Artificial coastal sand nourishments are applied for various reasons:
- to compensate losses due to (structural) erosion, and hence maintaining biodiversity
- to enhance the safety of the hinterland against flooding
- to broaden a beach or create new beaches e.g. for recreational purposes
- to reclaim new areas such as peninsulas or artificial islands for urban or industrial development
- to feed the surrounding coast with sand at a rate governed by nature
In the case of structural erosion, the nourishment will have to be repeated from time to time as the erosion is an ongoing process. The interval between successive nourishments depends on the rate of erosion and on the equipment mobilization costs. In addition, the timing of the nourishment should be carefully chosen with respect to breeding season of species (seals, birds, etc.) and nursery habitats of fish and shrimps. Generally, an interval of five years is considered acceptable (for Dutch cases). Compared to hard solutions, nourishments must be repeated from time to time, hence it is flexible, while costs are spread over a longer time. For conditions along the Dutch coast this makes the soft nourishments more economical than the hard solutions with the added advantage that no lee-side erosion occurs (typical for hard solutions).
Sand nourishments can be carried out at various locations in the profile, such as the shoreface or foreshore (underwater), beach & surf zone and in the dune zone.
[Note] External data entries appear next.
(* Let $\mathcal{X},\mathcal{Y}$ be finite sets and $n\ge1$. Let $\tilde{\Phi}_n=(\tilde{\varphi}_0,\tilde{\varphi}_2,\tilde{\psi})$ be a WAK code of blocklength $n$ with message sets $\tilde{\mathcal{M}}_0,\tilde{\mathcal{M}}_2$, and let $P_{\bar X\bar Y}\in\mathcal{P}_n(\mathcal{X}\times\mathcal{Y})$ be a joint type with $\log|\mathcal{T}^n_{\bar X}|\ge\log|\tilde{\mathcal{M}}_0|$, where $\mathcal{T}^n_{\bar X}$ is the type class of the marginal type $P_{\bar X}$. Then there exists another WAK code $\hat{\Phi}_n=(\hat{\varphi}_0,\hat{\varphi}_2,\hat{\psi})$ with message sets $\hat{\mathcal{M}}_0,\hat{\mathcal{M}}_2$ such that \begin{align*} \log|\hat{\mathcal{M}}_0| &\le \log|\tilde{\mathcal{M}}_0|+\log n+\log\log|\mathcal{X}|+2,\\ \log|\hat{\mathcal{M}}_2| &= \log|\tilde{\mathcal{M}}_2|,\\ \mathrm{P}_{\mathtt{WAK}}(\hat{\Phi}_n\mid P_{\mathcal{T}^n_{\bar X\bar Y}}) &\le \mathrm{P}_{\mathtt{WAK}}(\tilde{\Phi}_n\mid P_{\mathcal{T}^n_{\bar X\bar Y}}), \end{align*} and for every $m\in\hat{\mathcal{M}}_0$, $$\log|\hat{\varphi}_0^{-1}(m)\cap\mathcal{T}^n_{\bar X}|\le\log\frac{|\mathcal{T}^n_{\bar X}|}{|\tilde{\mathcal{M}}_0|}.$$
   Context: All logarithms are base 2. $\mathcal{P}_n(\mathcal{X}\times\mathcal{Y})$ is the set of joint types of sequences in $\mathcal{X}^n\times\mathcal{Y}^n$; for a joint type $P_{\bar X\bar Y}$, $\mathcal{T}^n_{\bar X\bar Y}$ is its type class and $P_{\mathcal{T}^n_{\bar X\bar Y}}$ is the uniform distribution on $\mathcal{T}^n_{\bar X\bar Y}$. A WAK code of blocklength $n$ is a triple $(\tilde{\varphi}_0,\tilde{\varphi}_2,\tilde{\psi})$ of maps $\tilde{\varphi}_0:\mathcal{X}^n\to\tilde{\mathcal{M}}_0$, $\tilde{\varphi}_2:\mathcal{Y}^n\to\tilde{\mathcal{M}}_2$, $\tilde{\psi}:\tilde{\mathcal{M}}_0\times\tilde{\mathcal{M}}_2\to\mathcal{Y}^n$, with finite sets $\tilde{\mathcal{M}}_0,\tilde{\mathcal{M}}_2$. For $(X^n,Y^n)\sim P$, $\mathrm{P}_{\mathtt{WAK}}(\tilde{\Phi}_n\mid P)$ is the probability that $\tilde{\psi}(\tilde{\varphi}_0(X^n),\tilde{\varphi}_2(Y^n))\ne Y^n$. *)

From HB Require Import structures.
From mathcomp Require Import all_boot all_order all_algebra.
From mathcomp Require Import all_classical all_reals.
From mathcomp Require Import exp.
Set Implicit Arguments. Unset Strict Implicit. Unset Printing Implicit Defensive.
Import Order.TTheory GRing.Theory Num.Theory.
Local Open Scope ring_scope.

(* Base-2 logarithm (MathComp-Analysis convention: ln x = 0 for x <= 0). *)
Definition log2 {R : realType} (x : R) : R := ln x / ln 2.

Section Types.
Variables (X Y : finType) (n : nat).

Definition ptype (x : n.-tuple X) : {ffun X -> nat} :=
  [ffun a => count (pred1 a) x].

Definition jtype (x : n.-tuple X) (y : n.-tuple Y) : {ffun X * Y -> nat} :=
  [ffun ab => count (pred1 ab) (zip x y)].

(* P_n(X x Y): the set of joint types of sequences in X^n x Y^n,
   each represented by its count function n * P(a,b) *)
Definition is_jointType (P : {ffun X * Y -> nat}) : Prop :=
  exists (x : n.-tuple X) (y : n.-tuple Y), jtype x y = P.

Definition typeClassXY (P : {ffun X * Y -> nat}) :
  {set n.-tuple X * n.-tuple Y} :=
  [set xy | jtype xy.1 xy.2 == P].

Definition margX (P : {ffun X * Y -> nat}) : {ffun X -> nat} :=
  [ffun a => \sum_(b : Y) P (a, b)]%N.

Definition typeClassX (P : {ffun X * Y -> nat}) : {set n.-tuple X} :=
  [set x | ptype x == margX P].

Definition unifT {R : realType} (P : {ffun X * Y -> nat})
  (xy : n.-tuple X * n.-tuple Y) : R :=
  if xy \in typeClassXY P then (#|typeClassXY P|%:R)^-1 else 0.

Definition Pwak {R : realType} (M0 M2 : finType)
  (phi0 : n.-tuple X -> M0) (phi2 : n.-tuple Y -> M2)
  (psi : M0 -> M2 -> n.-tuple Y) (Q : n.-tuple X * n.-tuple Y -> R) : R :=
  \sum_(xy : n.-tuple X * n.-tuple Y | psi (phi0 xy.1) (phi2 xy.2) != xy.2) Q xy.

End Types.

(** Refine the encoder [phi0]: its messages split the marginal type class [T] into
    bins, and each bin is cut, along an enumeration, into chunks of [K = |T| %/ |M0|]
    elements.  The new message is the pair (old message, chunk index) and the decoder
    ignores the chunk index, so the error event is unchanged, while every new message
    has at most [K <= |T| / |M0|] preimages in [T].  Since [|T| < 2 K |M0|], there are
    at most [|T| %/ K + |M0| < 3 |M0|] new messages, so the rate grows by less than two
    bits. *)

From HB Require Import structures.
From mathcomp Require Import all_boot all_order all_algebra.
From mathcomp Require Import all_classical all_reals.
From mathcomp Require Import exp.
From mathcomp Require Import zify.
Set Implicit Arguments.
Unset Strict Implicit.
Unset Printing Implicit Defensive.

Import Order.TTheory GRing.Theory Num.Theory.
Local Open Scope ring_scope.

Section Log2.
Variable R : realType.
Implicit Types x y : R.

Lemma ln2_gt0 : 0 < ln (2 : R).
Proof. by rewrite ln_gt0 // ltr1n. Qed.

Lemma log2_2 : log2 (2 : R) = 1.
Proof. by rewrite /log2 divff // gt_eqF // ln2_gt0. Qed.

Lemma log2M : {in Num.pos &, {morph (@log2 R) : x y / x * y >-> x + y}}.
Proof. by move=> x y x0 y0; rewrite /log2 lnM // mulrDl. Qed.

Lemma log2_exp2 k : log2 (2 ^+ k : R) = k%:R.
Proof. by rewrite /log2 lnXn // mulrnAl divff // gt_eqF // ln2_gt0. Qed.

Lemma ler_log2 : {in Num.pos &, {mono (@log2 R) : x y / x <= y}}.
Proof. by move=> x y x0 y0; rewrite /log2 ler_pM2r ?invr_gt0 ?ln2_gt0 // ler_ln. Qed.

Lemma log2_ge0 x : 1 <= x -> 0 <= log2 x.
Proof. by move=> x1; rewrite /log2 divr_ge0 ?ln_ge0 // ler1n. Qed.

(* [log2] vanishes on nonpositive arguments, so monotonicity extends below [0]. *)
Lemma log2_le x y : x <= y -> 1 <= y -> log2 x <= log2 y.
Proof.
move=> xy y1; have [x0|x0] := leP x 0; first by rewrite /log2 ln0 // mul0r log2_ge0.
by rewrite ler_log2 // posrE (lt_le_trans ltr01).
Qed.

Lemma log2_le_exp2M (k a m : nat) : (0 < m)%N -> (a <= 2 ^ k * m)%N ->
  log2 (a%:R : R) <= log2 (m%:R : R) + k%:R.
Proof.
move=> m_gt0 a_le; rewrite -(log2_exp2 k) addrC -log2M ?posrE ?exprn_gt0 ?ltr0n //.
by rewrite -natrX -natrM log2_le ?ler_nat ?ler1n ?muln_gt0 ?expn_gt0.
Qed.

Lemma log2_le_divn (a t m : nat) : (0 < m)%N -> (m <= t)%N -> (a <= t %/ m)%N ->
  log2 (a%:R : R) <= log2 (t%:R / m%:R : R).
Proof.
move=> m_gt0 m_le a_le; apply: log2_le; rewrite ler_pdivlMr ?ltr0n //.
  by rewrite -natrM ler_nat (leq_trans (leq_mul a_le (leqnn m))) ?leq_divM.
by rewrite mul1r ler_nat.
Qed.

End Log2.

Lemma divn_divn_lt (t m : nat) : (0 < m)%N -> (m <= t)%N -> (t %/ (t %/ m) < 2 * m)%N.
Proof.
move=> m_gt0 m_le; have q_gt0 : (0 < t %/ m)%N by rewrite divn_gt0.
have := ltn_ceil t m_gt0; rewrite ltn_divLR //; nia.
Qed.

Section Chunks.
Variables (A M : finType) (T : {set A}) (f : A -> M) (K : nat).

Definition bin (m : M) : {set A} := [set x in T | f x == m].

Lemma bin_sub m : bin m \subset T.
Proof. by apply/fintype.subsetP => x; rewrite inE => /andP[]. Qed.

Definition chunk (x : A) : nat := (index x (enum (bin (f x))) %/ K)%N.

Definition nchunks (m : M) : nat := (#|bin m| %/ K).+1.

Lemma chunk_lt x : (chunk x < nchunks (f x))%N.
Proof. by rewrite ltnS leq_div2r // cardE index_size. Qed.

Definition chunked_msg : finType := {m : M & 'I_(nchunks m)}.

Definition chunked (x : A) : chunked_msg :=
  Tagged (fun m => 'I_(nchunks m)) (Ordinal (chunk_lt x)).

Lemma sum_card_bin : (\sum_m #|bin m|)%N = #|T|.
Proof.
rewrite -sum1_card (partition_big f xpredT) //=.
by apply: eq_bigr => m _; rewrite -sum1_card; apply: eq_bigl => x; rewrite inE.
Qed.

Lemma card_chunked_msg : (#|{: chunked_msg}| <= #|T| %/ K + #|M|)%N.
Proof.
rewrite card_tagged sumnE big_map big_enum /=.
rewrite (eq_bigr (fun m => #|bin m| %/ K + 1)%N) ?big_split /=; last first.
  by move=> m _; rewrite card_ord addn1.
rewrite sum_nat_const muln1 leq_add2r.
have [->|K0] := posnP K; first by rewrite big1 // => m _; rewrite divn0.
rewrite leq_divRL // -sum_card_bin big_distrl /=.
by apply: leq_sum => m _; apply: leq_divM.
Qed.

Lemma index_bin_inj m : {in bin m &, injective (fun x => index x (enum (bin m)))}.
Proof.
move=> x y xb yb /= ixy.
by rewrite -(nth_index x (_ : x \in enum (bin m))) ?ixy ?nth_index ?mem_enum.
Qed.

Lemma card_chunk_le (p : chunked_msg) :
  (0 < K)%N -> (#|[set x in T | chunked x == p]| <= K)%N.
Proof.
move=> K0; set S := [set x in T | _].
pose rem_index x : 'I_K := Ordinal (ltn_pmod (index x (enum (bin (f x)))) K0).
suff inj : {in S &, injective rem_index}.
  by rewrite -(card_in_imset inj) (leq_trans (max_card _)) ?card_ord.
move=> x y; rewrite !inE => /andP[xT /eqP <-] /andP[yT /eqP cyx] /(congr1 val) /=.
have fyx : f y = f x := congr1 tag cyx.
have := congr1 (fun q : chunked_msg => nat_of_ord (tagged q)) cyx.
rewrite /= /chunk fyx => qyx ryx; apply: (@index_bin_inj (f x)).
- by rewrite inE xT eqxx.
- by rewrite inE yT fyx eqxx.
- by rewrite /= (divn_eq (index x _) K) (divn_eq (index y _) K) qyx ryx.
Qed.

End Chunks.

Lemma card_chunked_msg_lt (A M : finType) (T : {set A}) (f : A -> M) :
  (0 < #|M|)%N -> (#|M| <= #|T|)%N ->
  (#|{: chunked_msg T f (#|T| %/ #|M|)}| < 3 * #|M|)%N.
Proof.
move=> M_gt0 M_le_T; have := card_chunked_msg T f (#|T| %/ #|M|).
by have := divn_divn_lt M_gt0 M_le_T; lia.
Qed.

Lemma Pwak_refine (R : realType) (X Y : finType) (n : nat) (M0 M0' M2 : finType)
    (phi0 : n.-tuple X -> M0) (phi0' : n.-tuple X -> M0') (g : M0' -> M0)
    (phi2 : n.-tuple Y -> M2) (psi : M0 -> M2 -> n.-tuple Y)
    (Q : n.-tuple X * n.-tuple Y -> R) :
  (forall x, g (phi0' x) = phi0 x) ->
  Pwak phi0' phi2 (fun m => psi (g m)) Q = Pwak phi0 phi2 psi Q.
Proof. by move=> gphi; apply: eq_bigl => xy; rewrite gphi. Qed.

Theorem lemma1 (R : realType) (X Y : finType) (n : nat)
  (hn : (1 <= n)%N) (hX : (1 < #|X|)%N)
  (M0 M2 : finType)
  (phi0 : n.-tuple X -> M0) (phi2 : n.-tuple Y -> M2)
  (psi : M0 -> M2 -> n.-tuple Y)
  (P : {ffun X * Y -> nat}) (hP : is_jointType n P)
  (hM0 : log2 (#|typeClassX n P|%:R : R) >= log2 (#|M0|%:R : R)) :
  exists (M0' M2' : finType)
         (phi0' : n.-tuple X -> M0') (phi2' : n.-tuple Y -> M2')
         (psi' : M0' -> M2' -> n.-tuple Y),
    [/\ log2 (#|M0'|%:R : R)
          <= log2 (#|M0|%:R : R) + log2 (n%:R : R)
             + log2 (log2 (#|X|%:R : R)) + 2,
        log2 (#|M2'|%:R : R) = log2 (#|M2|%:R : R),
        Pwak phi0' phi2' psi' (unifT (R:=R) P)
          <= Pwak phi0 phi2 psi (unifT (R:=R) P)
      & forall m : M0',
          log2 (#|[set x in typeClassX n P | phi0' x == m]|%:R : R)
            <= log2 ((#|typeClassX n P|%:R : R) / (#|M0|%:R : R))].
Proof.
set T := typeClassX n P.
have log2X_ge1 : 1 <= log2 (#|X|%:R : R).
  by rewrite -[X in X <= _](log2_2 R) log2_le ?ler_nat ?ler1n // ltnW.
have slack (r : R) : r <= log2 (#|M0|%:R : R) + 2 ->
    r <= log2 (#|M0|%:R : R) + log2 (n%:R : R) + log2 (log2 (#|X|%:R : R)) + 2.
  move/le_trans; apply; rewrite lerD2r -addrA lerDl.
  by rewrite addr_ge0 ?log2_ge0 // ler1n.
have [T0|T_gt0] := posnP #|T|.
  exists M0, M2, phi0, phi2, psi; split => // [|m]; first by apply: slack; rewrite lerDl.
  have /eqP -> : #|bin T phi0 m| == 0%N by rewrite -leqn0 -T0 subset_leq_card ?bin_sub.
  by rewrite T0 mul0r.
have [x _] := card_gt0P T_gt0.
have M0_gt0 : (0 < #|M0|)%N by apply/card_gt0P; exists (phi0 x).
have M0_le_T : (#|M0| <= #|T|)%N by rewrite -(ler_nat R) -ler_log2 ?posrE ?ltr0n.
have K_gt0 : (0 < #|T| %/ #|M0|)%N by rewrite divn_gt0.
exists (chunked_msg T phi0 (#|T| %/ #|M0|)), M2, (chunked T phi0 (#|T| %/ #|M0|)),
  phi2, (fun p => psi (tag p)).
split => [||| p].
- apply/slack/log2_le_exp2M => //.
  have := card_chunked_msg_lt phi0 M0_gt0 M0_le_T.
  by move/ltnW/leq_trans; apply; rewrite leq_mul2r orbT.
- by [].
- by rewrite (Pwak_refine (phi0 := phi0) (g := tag)).
- exact/log2_le_divn/card_chunk_le.
Qed.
In alongshore direction, the nourishment can be distributed over a large distance or placed more locally (concentrated). In the latter case, the goal of the nourishment could be to feed the adjacent coast gradually. Tide, winds and waves transport the sediments and spread it along the coast. This distribution of sand occurs gradually at rates that the adaptation of nature and species can keep up with. This enables nature and species to adapt. In case of an emerged nourishment, where part of the nourishment reaches above high water level, one can speak of a concentrated nourishment feeding the surrounding coastal area: e.g. the new beach provides new services such as recreation. A very large submerged foreshore nourishment does not provide such services; thus, for additional service for coastal development it is important that part of the nourishment is emerged and accessible (either by foot or boat). In case of an emerged concentrated nourishment the length of the shoreline increases due to the nourishment providing more space for recreation, water sports and beach lovers. In addition, new dunes and vegetation could develop increasing nature value.
Nourishments for coastal development attracts new services and hence new beach visitors (human and animals), which require a different management of the coast at the nourishment and its surroundings. In case of an unprotected nourishment, the shape and bathymetry of the nourishment will change continuously under the forcing of tide, wind and waves. It is therefore important that an adaptive management strategy is adopted to anticipate on unforeseen and poorly predictable developments.
Shallow areas in front of hydraulic infrastructure act as a buffer for safety by dissipating wave energy. Due to the extra segment of water that is created by the rise in sea-level, a sediment shortage on many of such shoals will be created leading to a decrease in area. Nourishments can be an effective measure to fulfill the sediment demand of the shoals and maintain a dynamic equilibrium between erosion and sedimentation.